Additionally, the majority conducts its analysis with a selective view of the facts. Missing from its opinion are key facts that informed McAdams’ action. After publishing the blog post, McAdams actively promoted it to local and national media outlets. The record reflects that McAdams did so by “distributing copies of the audio recording to interested journalists and bloggers, posting follow-up stories linking back to the Nov. 9 post, creating a category of posts linked to Abbate by name, and arranging to appear on radio and television interviews about the story and subsequent controversy.” McAdams wrote that he was aware that “‘[w]hen one does something that gets national publicity, some jerks are going to say nasty things.”
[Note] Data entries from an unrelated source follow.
Lemma hitting_pair_diffs B s : (1 < size (diffs B s))%N ->
  exists t1 t2, [/\ t1 \notin B, t2 \notin B &
    (1 < count (fun Q => (t1 \in Q) || (t2 \in Q)) s)%N].
Proof.
rewrite size_map; set P := fun Q => Q :\: B != finset.set0 => size_gt1.
have count_le a : (count a (seq.filter P s) <= count a s)%N.
  by rewrite count_filter; apply: sub_count => Q /andP[].
have := filter_all P s.
case: (seq.filter P s) size_gt1 count_le => [|Q1 [|Q2 r]] // _ count_le.
case/and3P => /set0Pn[t1 +] /set0Pn[t2 +] _.
rewrite !finset.in_setD => /andP[t1B t1Q] /andP[t2B t2Q].
by exists t1, t2; split => //; apply: leq_trans (count_le _); rewrite /= t1Q t2Q orbT.
Qed.
End Diffs.

Lemma mem_rep_set n (K : CMI n) z :
  (z \in rep_set K) = (1 < count (fun Q : {set 'I_n} => z \in Q) K.2)%N.
Proof.
rewrite /rep_set; case: ifPn => [_ | ]; first by rewrite inE.
rewrite -ltnNge ltnS inE => size_le1; apply/esym/negbTE; rewrite -leqNgt.
exact: leq_trans (count_size _ _) size_le1.
Qed.

Section CanonicalForm.
Variables (n : nat) (K : CMI n).

Lemma purE : pur K = (K.1, diffs K.1 K.2). Proof. by []. Qed.

Lemma mem_IK z :
  (z \in IK K) = (z \notin K.1) && (1 < count (fun Q : {set 'I_n} => z \in Q) K.2)%N.
Proof.
rewrite /IK mem_rep_set purE /=.
by case: (boolP (z \in K.1)) => zC; rewrite ?(count_diffs_in _ zC) ?(count_diffs_mem _ zC).
Qed.

Lemma Pseq_pur : Pseq (pur K) = diffs (K.1 :|: IK K) K.2.
Proof. exact: diffs_diffs. Qed.

Lemma canP_cases : canP K = [::] \/ canP K = diffs (K.1 :|: IK K) K.2.
Proof. by rewrite /canP -Pseq_pur; case: ifP => _; [left | case: ifP => _; [left | right]]. Qed.

Lemma canP_avoid x : x \in \bigcup_(P <- canP K) P -> x \notin K.1.
Proof.
rewrite mem_bigcup_seq; case: canP_cases => -> //= /hasP[P P_diffs].
by apply: contraTN => xC; apply: mem_diffs_notin P_diffs; rewrite finset.in_setU xC.
Qed.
That prophecy was fulfilled here. Within hours of the blog post, Abbate started receiving negative emails, which only multiplied in the following weeks. She feared for her safety at Marquette and within weeks withdrew her dissertation proposal and transferred to another university despite adverse consequences to her academic progress.
The travesty of the majority opinion lies not just in its decision for Marquette University. Because Marquette has adopted a definition of academic freedom and uniform procedures that have been embraced by many other colleges and universities, the decision is far reaching. The majority’s decision to so readily discard institutional academic freedom and to disrespect part of the time-honored and bargained-for shared governance procedures will reverberate throughout this state.
Finally, because I determine that the doctrine of academic freedom does not protect McAdams from discipline, I address his argument that the First Amendment does. McAdams is wrong. His contract does not give him the full-throated First Amendment rights that would be given a private citizen vis-à-vis the government.